Affected children have movement-induced attacks of brief dystonia, chorea, or ballismus, often brought out under stressful conditions.13,14 Paroxysmal dystonic choreoathetosis (Mount Reback syndrome) often starts very early in infancy; it is usually an autosomal dominant disorder with relative brief attacks lasting a few minutes that can be brought out by fatigue, hunger, stress, caffeine, or alcohol. Paroxysmal kinesigenic choreoathetosis typically presents in childhood and often includes a brief sensory prodrome with paresthesias and dizziness. Attempts to swing a bat or to write on the blackboard in front of the class can cause the bat or the chalk to fly out of the child’s hand. Events occur frequently, sometimes many times per day. Most cases are sporadic although occasionally it occurs in families or in the context of a prior neurological insult. These very brief events, usually lasting seconds, typically respond to sodium channel drugs like carbamazepine or phenytoin even though the EEG is always normal during the event. Recently, there have been genetic breakthroughs.
Paroxysmal nonkinesigenic dystonia may look similar, except that the episodes come on without apparent precipitation by movement and events last much longer (usually 10 minutes to 2 hours); most are autosomal dominant. Both types present more often with fatigue, stress, alcohol, and fatigue, Paroxysmal nonkinesigenic dystonia is harder to treat. It does not respond to the sodium channel drugs and there is only minimal success with benzodiazepines.

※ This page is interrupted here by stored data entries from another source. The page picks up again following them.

Local Notation Y := (msum (mximg C Psi) V).

Definition zoh_design : Prop :=
  [/\ forall i, (1 <= i <= H)%N ->
        msum (mximg (mxpow A i + Bpi A B i *m K) Om) (reach A L Y i) `<=` Om,
      mu = (fun nuc xhp xbp => nuc + K *m (xhp - xbp)),
      eta = (fun _ _ _ => 0) &
      Omega = prod3 Om (mximg K Om) [set 0]].

Definition prediction_design : Prop :=
  [/\ forall i, (1 <= i <= H)%N ->
        msum (mximg (mxpow (A + B *m K) i) Om) (reach A L Y i) `<=` Om,
      mu = (fun nuc _ _ => nuc),
      eta = (fun _ xtp xbp => K *m (xtp - xbp)) &
      Omega = prod3 Om [set 0] [set 0]].

Definition local_design : Prop :=
  [/\ msum (mximg (A + B *m K) Om) (mximg L Y) `<=` Om,
      mu = (fun nuc _ _ => nuc),
      eta = (fun xhp _ xbp => K *m (xhp - xbp)) &
      Omega = prod3 Om [set 0] [set 0]].

End Designs.

Lemma state_addE (R : nzRingType) d m (a b : state R d m) :
  a + b = (a.1.1 + b.1.1, a.1.2 + b.1.2, a.2 + b.2).
Proof. by case: a b => [[? ?] ?] [[? ?] ?]. Qed.

Lemma state_subE (R : nzRingType) d m (a b : state R d m) :
  a - b = (a.1.1 - b.1.1, a.1.2 - b.1.2, a.2 - b.2).
Proof. by case: a b => [[? ?] ?] [[? ?] ?]. Qed.

Lemma lift_setP (R : nzRingType) d m (S : set 'cV[R]_d) (e : state R d m) :
  lift_set S e <-> [/\ S e.1.1, e.1.2 = 0 & e.2 = 0].
Proof. by split=> [[? [? ?]]|[? ? ?]]. Qed.

Section Dynamics.
Variables (R : realDomainType) (np mp : nat) (A : 'M[R]_np) (B : 'M[R]_(np, mp)) (g c b : nat).
Implicit Types (x : state R np mp) (u : input R mp).

Lemma fdyn_s x u : (fdyn A B g c b x u).1.2 = if u.1.2 then u.1.1 else x.1.2.
Proof.
case: x u => [[xp xs] beta] [[uc [] ue]] /=.
  by rewrite subrr scale0r add0r scale1r.
by rewrite subr0 scale1r scale0r addr0.
Qed.

Lemma fdyn_p x u :
  (fdyn A B g c b x u).1.1 = A *m x.1.1 + B *m ((fdyn A B g c b x u).1.2 + u.2).
Proof. by case: x u => [[? ?] ?] [[? ?] ?]. Qed.

Lemma fdyn_b x u :
  (fdyn A B g c b x u).2 = Num.min (x.2 + g%:R - b2R R u.1.2 * c%:R) b%:R.
Proof. by case: x u => [[? ?] ?] [[? ?] ?]. Qed.

End Dynamics.

Lemma estimation_error_step (R : realDomainType) (np mp qp : nat)
    (A : 'M[R]_np) (B : 'M[R]_(np, mp)) (C : 'M[R]_(qp, np)) (L : 'M[R]_(np, qp))
    (g c b : nat) (Psi W : set 'cV[R]_np) (V : set 'cV[R]_qp)
    (x xh : state R np mp) (u : input R mp) (w : state R np mp) (v : state R qp mp) :
  msum (msum (mximg (A - L *m C) Psi) W) (mximg (- L) V) `<=` Psi ->
  lift_set Psi (x - xh) -> lift_set W w -> lift_set V v ->
  lift_set Psi (fdyn A B g c b x u + w
                - (fdyn A B g c b xh u + Beps L C (x - xh) + Bv L v)).
Proof.
move=> inv /lift_setP[Pe es eb] /lift_setP[Ww w2 w3] /lift_setP[Vv _ _].
rewrite state_subE /= in Pe es eb.
have fs : (fdyn A B g c b x u).1.2 = (fdyn A B g c b xh u).1.2.
  by rewrite !fdyn_s (subr0_eq es).
have fb : (fdyn A B g c b x u).2 = (fdyn A B g c b xh u).2.
  by rewrite !fdyn_b (subr0_eq eb).
apply/lift_setP; rewrite /Beps /Bv !state_subE !state_addE /= fs fb.
rewrite w2 w3 !addr0 !subrr; split=> //.
rewrite !fdyn_p fs; set s := B *m _.
have -> : A *m x.1.1 + s + w.1.1 - (A *m xh.1.1 + s + L *m C *m (x.1.1 - xh.1.1) + L *m v.1.1)
    = (A - L *m C) *m (x.1.1 - xh.1.1) + w.1.1 + (- L) *m v.1.1.
  rewrite mulmxBl [in RHS]mulmxBr mulNmx !opprD !addrA.
  rewrite [in LHS](addrAC (A *m x.1.1) s) (addrAC _ s (- _)) addrK.
  by rewrite [in LHS](addrAC (A *m x.1.1)) (addrAC _ w.1.1 (- _)).
by apply: inv; apply: msumI; [apply: msumI => //|]; apply: mximgI.
Qed.

Lemma lin_step_sub (R : nzRingType) n m (A : 'M[R]_n) (B : 'M[R]_(n, m))
    (a a' r : 'cV[R]_n) (s s' : 'cV[R]_m) :
  A *m a + B *m s + r - (A *m a' + B *m s') = A *m (a - a') + B *m (s - s') + r.
Proof.
rewrite !mulmxBr opprD !addrA (addrAC _ r (- _)) (addrAC _ r (- _)).
by rewrite (addrAC (A *m a)) (addrAC _ (B *m s) (- _)).
Qed.

Lemma held_after_reset (T : Type) (gam : nat -> bool) (z a : nat -> T) (n : nat) :
  gam 0 = true -> (forall k, (0 < k < n)%N -> gam k = false) ->
  (forall k, (k < n)%N -> z k.+1 = if gam k then a k else z k) ->
  forall k, (0 < k <= n)%N -> z k = a 0.
Proof.
move=> gam0 hold rec; elim=> [//|k IH] /andP[_ kn].
rewrite rec //; have [->|k0] := posnP k; first by rewrite gam0.
by rewrite hold ?k0 // IH // k0 ltnW.
Qed.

Myoclonus is characterized by rapid, forceful, usually isolated, and nonrhythmic jerking movements. It is considered nonepileptic when the paroxysmal movements occur in the absence of an ictal EEG pattern and the patient has no other neurological signs and follows a benign course.
Nonepileptic myoclonus in older children can be a diagnostic challenge since it may occur in situations where epilepsy is also found. This includes following acute encephalopathies and in progressive degenerative disorders. When the movements are of cortical origin they can be considered myoclonic seizures, and the EEG will demonstrate spike or polyspike slow activity. Both cortical and subcortical myoclonus may respond to GABAergic drugs such as benzodiazepines or valproate.

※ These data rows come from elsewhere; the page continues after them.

Lemma moments_alt_path_neg D c : (exists i, c i != 0) ->
  (forall k, (k <= D)%N -> moment c k = 0) -> moment c D.+1 <= 0 ->
  exists x s, [/\ path (sign_change c) x s, size s = D.+1 & c (last x s) < 0].
Proof.
move=> nz hm hD; apply: NNPP => noneg.
have few : sign_changes_le c D.+1.
  by move=> x s p; rewrite leqNgt; apply/negP => /(alt_path_neg_end p).
have [l [cl0 cr]] := last_neq0 nz.
have cl_gt0 : 0 < c l.
  rewrite lt_neqAle eq_sym cl0 leNgt /=; apply/negP => cl_lt0.
  have [x [s [p hs]]] := moments_alt_path nz hm.
  have cL0 : c (last x s) != 0 by rewrite alt_path_last_neq0 // -size_eq0 hs.
  have [cL_lt0|cL_ge0] := ltP (c (last x s)) 0; first by apply: noneg; exists x, s.
  have Ll : c (last x s) * c l < 0.
    by rewrite pmulr_rlt0 // lt_neqAle eq_sym cL0.
  have := few x (rcons s l).
  rewrite rcons_path p /sign_change (opposite_lt_last cr Ll) Ll size_rcons hs.
  by rewrite ltnn => /(_ isT).
have [f Hf] := exists_sign_poly cl0 cr few.
have := sign_poly_sum_gt0 Hf; case: Hf => fs fl _ _.
rewrite (sum_horner_moment c fs) big_ord_recr big1 /= => [|k _]; last first.
  by rewrite hm ?mulr0 // -ltnS.
have : 0 <= f`_D.+1.
  move: fs; rewrite leq_eqVlt => /orP [/eqP sz | ?]; last by rewrite nth_default.
  by move: fl; rewrite lead_coefE sz pmulr_rgt0 // => /ltW.
by rewrite add0r; nra.
Qed.

Lemma count_neg_alt_path c x s : path (sign_change c) x s -> c (last x s) < 0 ->
  count (fun i => c i < 0) (x :: s) = uphalf (size s).+1.
Proof.
suff : path (sign_change c) x s -> count (fun i => c i < 0) (x :: s) =
    if c (last x s) < 0 then uphalf (size s).+1 else (size s).+1./2.
  by move=> h p hl; rewrite h // hl.
elim/last_ind: s => [|p y IH] /=; first by case: (c x < 0).
rewrite rcons_path last_rcons => /andP [/IH /= {}IH /andP [_ hy]].
rewrite -cats1 count_cat addnA IH size_cat /= addn1 !addn0.
have [hL|hL] := ltP (c (last x p)) 0.
  have /negbTE -> : ~~ (c y < 0) by rewrite -leNgt; nra.
  by rewrite addn0.
have cy : c y < 0 by nra.
by rewrite cy addn1.
Qed.

Lemma moment_kernel D (r : seq 'I_n) : uniq r -> size r = D.+2 ->
  exists e : 'I_n -> R, [/\ exists i, e i != 0,
    forall i, i \notin r -> e i = 0 & forall k, (k <= D)%N -> moment e k = 0].
Proof.
case: r => [//|x s] ur hr; set r := x :: s in ur hr *.
pose A : 'M[R]_(D.+2, D.+1) := \matrix_(a, k) t (nth x r a) ^+ k.
have /rowV0Pn [u /sub_kermxP uA u0] : kermx A != 0.
  by rewrite kermx_eq0 -row_leq_rank -ltnNge ltnS rank_leq_col.
pose e i := \sum_(a < D.+2 | nth x r a == i) u 0 a.
have eE (b : 'I_D.+2) : e (nth x r b) = u 0 b.
  rewrite /e (big_pred1 b) // => a /=.
  by rewrite nth_uniq ?hr ?ltn_ord.
exists e; split.
- have [b ub] : exists b, u 0 b != 0.
    apply: NNPP => h; case/eqP: u0; apply/rowP => b; rewrite mxE.
    by apply/eqP/negPn/negP => ub; apply: h; exists b.
  by exists (nth x r b); rewrite eE.
- move=> i ri; rewrite /e big_pred0 // => a.
  by apply: contraNF ri => /eqP <-; rewrite mem_nth ?hr.
- move=> k hk; have := congr1 (fun M : 'M[R]_(1, D.+1) => M 0 (inord k)) uA.
  rewrite !mxE => <-.
  rewrite /moment [RHS](partition_big (fun a : 'I_D.+2 => nth x r a) xpredT) //=.
  apply: eq_bigr => i _; rewrite mulr_suml; apply: eq_bigr => a /eqP <-.
  by rewrite mxE inordK.
Qed.

Lemma alt_path_subset c (r : seq 'I_n) x s :
  path (sign_change c) x s -> s != [::] -> (forall i, i \notin r -> c i = 0) ->
  {subset x :: s <= r}.
Proof.
case: s => // y s p _ sup i hi; apply: contraTT (alt_path_neq0 p hi).
by move/sup ->; rewrite eqxx.
Qed.

Lemma moments_eq0_support D (S : {set 'I_n}) c : (#|S| <= D.+1)%N ->
  (forall i, i \notin S -> c i = 0) -> (forall k, (k <= D)%N -> moment c k = 0) ->
  forall i, c i = 0.
Proof.
move=> hS sup hm i; apply: NNPP => /eqP ci.
have [x [s [p hs]]] := moments_alt_path (ex_intro _ i ci) hm.
have sub : {subset x :: s <= enum S}.
  apply: alt_path_subset p _ _ => [|j]; first by rewrite -size_eq0 hs.
  by rewrite mem_enum => /sup.
have := uniq_leq_size (alt_path_uniq p) sub.
by rewrite -cardE /= hs => /leq_trans /(_ hS); rewrite ltnn.
Qed.

Lemma alt_path_support_eq c (r : seq 'I_n) x s : sorted ltI r ->
  path (sign_change c) x s -> s != [::] -> (forall i, i \notin r -> c i = 0) ->
  (size r <= (size s).+1)%N -> x :: s = r.
Proof.
move=> sr p s0 sup hr; have sub := alt_path_subset p s0 sup.
have [_ eqr] := uniq_min_size (alt_path_uniq p) sub hr.
exact: (irr_sorted_eq ltI_trans ltI_irr (alt_path_sorted p) sr eqr).
Qed.

Lemma alt_path_sign_agree c e x s : path (sign_change c) x s ->
  path (sign_change e) x s -> 0 < e (last x s) * c (last x s) ->
  {in x :: s, forall i, 0 < e i * c i}.
Proof.
elim: s x => [|y s IH] x /=; first by move=> _ _ h i; rewrite inE => /eqP ->.
move=> /andP [/andP [_ cxy] pc] /andP [/andP [_ exy] pe] hl.
have {}IH := IH y pc pe hl.
move=> i; rewrite inE => /orP [/eqP -> | /IH //].
by have := IH y (mem_head _ _); nra.
Qed.

Lemma alt_path_circuit D c x s : path (sign_change c) x s -> size s = D.+1 ->
  exists e, [/\ forall i, i \notin x :: s -> e i = 0,
    forall k, (k <= D)%N -> moment e k = 0 & {in x :: s, forall i, 0 < e i * c i}].
Proof.
move=> pc hs; have s0 : s != [::] by rewrite -size_eq0 hs.
have [e0 [nz sup hm]] := moment_kernel (alt_path_uniq pc) (congr1 S hs).
have [y [s' [pe hs']]] := moments_alt_path nz hm.
have E : y :: s' = x :: s.
  apply: alt_path_support_eq (alt_path_sorted pc) pe _ sup _.
    by rewrite -size_eq0 hs'.
  by rewrite /= hs hs'.
case: E pe => -> -> pe.
have eL : e0 (last x s) * c (last x s) != 0.
  by rewrite mulf_neq0 // alt_path_last_neq0.
have [eL_gt0|eL_lt0] := ltP 0 (e0 (last x s) * c (last x s)).
  by exists e0; split => //; apply: alt_path_sign_agree.
exists (\- e0); split => [i /sup /= -> | k hk | ]; rewrite ?oppr0 ?momentN ?hm ?oppr0 //.
apply: alt_path_sign_agree => //; first by rewrite (eq_path (sign_change_opp e0)).
by rewrite /= mulNr oppr_gt0 lt_neqAle eL.
Qed.

Lemma alt_path_circuit_moment_lt0 D c e x s :
  path (sign_change c) x s -> size s = D.+1 -> c (last x s) < 0 ->
  (forall i, i \notin x :: s -> e i = 0) -> (forall k, (k <= D)%N -> moment e k = 0) ->
  {in x :: s, forall i, 0 < e i * c i} -> moment e D.+1 < 0.
Proof.
move=> pc hs cL sup hm agree.
(* A positive top moment would give [\- e] a chain ending negatively, which can
   only be [x :: s] again; a zero one would kill [e], as then D+2 moments vanish
   on D+2 nodes. *)
have ex0 : e x != 0.
  by have := agree x (mem_head _ _); apply: contraTneq => ->; rewrite mul0r ltxx.
have [//|top_gt0|top_eq0] := ltgtP (moment e D.+1) 0.
  have [|||y [s' [pe hs' eL]]] := @moments_alt_path_neg D (\- e).
  - by exists x; rewrite /= oppr_eq0.
  - by move=> k hk; rewrite momentN hm ?oppr0.
  - by rewrite momentN oppr_le0 ltW.
  have E : y :: s' = x :: s.
    apply: alt_path_support_eq (alt_path_sorted pc) pe _ _ _.
    - by rewrite -size_eq0 hs'.
    - by move=> i /sup /= ->; rewrite oppr0.
    - by rewrite /= hs hs'.
  case: E eL => -> -> /= eL.
  by have := agree (last x s) (mem_last _ _); nra.
case/eqP: ex0; apply: (@moments_eq0_support D.+1 [set i in x :: s]) => [|i|k].
- by rewrite cardsE (card_uniqP (alt_path_uniq pc)) /= hs.
- by rewrite inE => /sup.
- by rewrite leq_eqVlt => /orP [/eqP -> // | /hm].
Qed.

Lemma lower_circuit D c : (exists i, c i != 0) ->
  (forall k, (k <= D)%N -> moment c k = 0) -> moment c D.+1 <= 0 ->
  exists e, [/\ forall i, 0 < e i -> 0 < c i, forall i, e i < 0 -> c i < 0,
    #|[set i | e i < 0]| = (uphalf D).+1,
    forall k, (k <= D)%N -> moment e k = 0 & moment e D.+1 < 0].
Proof.
move=> nz hm hD; have [x [s [pc hs cL]]] := moments_alt_path_neg nz hm hD.
have [e [sup he agree]] := alt_path_circuit pc hs.
have on_path i : e i != 0 -> i \in x :: s.
  by apply: contraNT => /sup ->; rewrite eqxx.
have same_sign i : e i != 0 -> (e i < 0) = (c i < 0).
  by move=> /on_path /agree eci; apply/idP/idP => ?; nra.
exists e; split => //.
- by move=> i ei; have := agree i (on_path i (lt0r_neq0 ei)); nra.
- by move=> i ei; rewrite -same_sign // ltr0_neq0.
- have -> : [set i | e i < 0] = [set i in filter (fun i => c i < 0) (x :: s)].
    apply/setP => i; rewrite !in_set mem_filter.
    have [hi|/sup ->] := boolP (i \in x :: s); last by rewrite ltxx andbF.
    rewrite andbT same_sign //; move: (agree i hi).
    by apply: contraTneq => ->; rewrite mul0r ltxx.
  rewrite cardsE (card_uniqP _) ?filter_uniq ?(alt_path_uniq pc) //.
  by rewrite size_filter (count_neg_alt_path pc cL) hs.
- exact: alt_path_circuit_moment_lt0 pc hs cL sup he agree.
Qed.

End SignChanges.

Section Lifting.
Variables (R : realType) (n d : nat) (t : 'I_n -> R).
Hypothesis t_incr : forall i j : 'I_n, (i < j)%N -> t i < t j.

Local Notation moment := (moment t).

Lemma sum_pt_row (lam : 'I_n -> R) :
  \sum_i lam i *: pt d t i = \row_(k < d) moment lam k.+1.
Proof. by apply/rowP => k; rewrite summxE !mxE; apply: eq_bigr => i _; rewrite !mxE. Qed.

Lemma convex_coef_moments (S S' : {set 'I_n}) lam mu :
  convex_coef S lam -> convex_coef S' mu ->
  \sum_i lam i *: pt d t i = \sum_i mu i *: pt d t i ->
  forall k, (k <= d)%N -> moment (lam \- mu) k = 0.
Proof.
move=> [_ [_ lam1]] [_ [_ mu1]] same [|k] hk; rewrite momentB ?moment0 ?lam1 ?mu1 ?subrr //.
have /rowP /(_ (Ordinal hk)) := same; rewrite !sum_pt_row !mxE => ->.
exact: subrr.
Qed.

Motor tics are stereotyped, repetitive movements of one or more muscle groups usually involving head, eyes, face, or neck.15 Most children are fully alert and many are aware of the mannerisms. Unlike seizures, it is usually possibly to voluntarily inhibit tics, at least for brief periods of time. They are not often confused unless the mannerisms overlap with features more typical for seizures such as eye blinking with apparent loss of awareness to suggest nonconvulsive status epilepticus or prolonged unilateral twitching of an extremity to be confused with epilepsia partialis continua. A pediatric epilepsy monitoring unit will see the occasional child referred for such repetitive, stereotyped movements that “seize” the child and leave him without the ability to suppress the rapid blinking, motor activity, or “automatisms” and leave him exhausted as in a postictal stupor.

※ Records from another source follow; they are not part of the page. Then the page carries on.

(* Suppose $(G_n\in\Delta^{n\times n})$ and $E\in\mathbb R_{\ge0}^{\mathbb N\times\mathbb N}$ satisfy $\lim_n\|\pi_nG_n-E\|_1=0$ for some permutations $\pi_n$ of $[n]$ (with $G_n$ zero-padded to an infinite array). Then $(G_n)$ quotient-converges to the grapheur $\mathsf M=\sum_{i,j}E_{i,j}\delta_{(T_i,T_j)}$, where $T_i$ are iid uniform on $[0,1]$.
   Context: $\Delta^{n\times n}$: $n\times n$ matrices with nonnegative entries summing to $1$. $(\pi G)_{i,j}=G_{\pi^{-1}(i),\pi^{-1}(j)}$; $\|\cdot\|_1$ is the entrywise $\ell_1$ norm. For $f:[n]\to[k]$, $(\rho(f)G)_{i,j}=\sum_{v\in f^{-1}(i),u\in f^{-1}(j)}G_{v,u}$; $F_{k,n}$ is a uniformly random map $[n]\to[k]$. For a random probability measure $\mathsf M$ on $[0,1]^2$, $\mathsf G_k[\mathsf M]$ is the random $k\times k$ matrix with entries $\mathsf M(I_i^{(k)}\times I_j^{(k)})$, $I_i^{(k)}=[(i-1)/k,i/k)$. $(G_n)$ quotient-converges to $\mathsf M$ if $\rho(F_{k,n})G_n\to\mathsf G_k[\mathsf M]$ in distribution for every $k$. *)

From HB Require Import structures.
From mathcomp Require Import all_boot all_order all_algebra all_fingroup finmap.
From mathcomp Require Import all_classical all_reals all_analysis.
Set Implicit Arguments. Unset Strict Implicit. Unset Printing Implicit Defensive.
Import Order.TTheory GRing.Theory Num.Theory.
Import numFieldNormedType.Exports.
Local Open Scope classical_set_scope.
Local Open Scope ring_scope.

Section Defs.
Variable R : realType.

Definition in_Delta n (G : 'M[R]_n) : Prop :=
  (forall i j, 0 <= G i j) /\ \sum_(i < n) \sum_(j < n) G i j = 1.

Definition perm_act n (pi : {perm 'I_n}) (G : 'M[R]_n) : 'M[R]_n :=
  \matrix_(i, j) G (pi^-1 i)%g (pi^-1 j)%g.

Definition zeropad n (G : 'M[R]_n) (i j : nat) : R :=
  match (insub i : option 'I_n), (insub j : option 'I_n) with
  | Some i', Some j' => G i' j'
  | _, _ => 0
  end.

Definition l1dist n (G : 'M[R]_n) (E : nat -> nat -> R) : \bar R :=
  (\esum_(p in [set: nat * nat]) (`|zeropad G p.1 p.2 - E p.1 p.2|)%:E)%E.

Definition rho n k (f : {ffun 'I_n -> 'I_k}) (G : 'M[R]_n) : 'M[R]_k :=
  \matrix_(i, j) \sum_(v | f v == i) \sum_(u | f u == j) G v u.

(* I_i^{(k)} = [(i-1)/k, i/k), here with 0-based index i : 'I_k *)
Definition Ik k (i : 'I_k) : set R :=
  `[ (i%:R / k%:R), ((i.+1)%:R / k%:R) [%classic.

Section Random.
Context d (Omega : measurableType d) (P : probability Omega R).

Definition Gk (M : Omega -> set (R * R) -> \bar R) k (w : Omega) : 'M[R]_k :=
  \matrix_(i, j) fine (M w (Ik i `*` Ik j)).

Definition grapheur (E : nat -> nat -> R) (T : nat -> Omega -> R)
  (w : Omega) (A : set (R * R)) : \bar R :=
  (\esum_(p in [set: nat * nat])
     (E p.1 p.2)%:E * (\1_A (T p.1 w, T p.2 w))%:E)%E.

Definition uniform01 (X : Omega -> R) : Prop :=
  measurable_fun setT X /\
  forall A : set R, measurable A ->
    P (X @^-1` A) = lebesgue_measure (A `&` `[0%R, 1%R]%classic).

Definition mutually_independent (T : nat -> Omega -> R) : Prop :=
  forall (S : {fset nat}) (A : nat -> set R), (forall a, measurable (A a)) ->
    P (\bigcap_(a in [set` S]) (T a @^-1` A a)) =
    (\prod_(a <- S) P (T a @^-1` A a))%E.

Definition iid_uniform01 (T : nat -> Omega -> R) : Prop :=
  (forall a, uniform01 (T a)) /\ mutually_independent T.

A history of waxing and waning pleomorphic mannerisms that evolve over time, associated ADHD symptoms that typically precede the tics (seen in more than 60%), anxiety disorders including obsessive compulsive disorder and a family history of tics and related neuropsychiatric disorders point strongly away from epilepsy and toward a developmental disorder of basal ganglia and its connections. However, there are children who will have both typical tics and evidence for epilepsy. For example, both tics and seizures are frequent in autistic spectrum disorders. Under these circumstances, one might well consider treatment with topiramate or levetiracetam, both of which have some support for efficacy in treating tics as well as being broad-spectrum antiseizure medications (Fig. 22–2).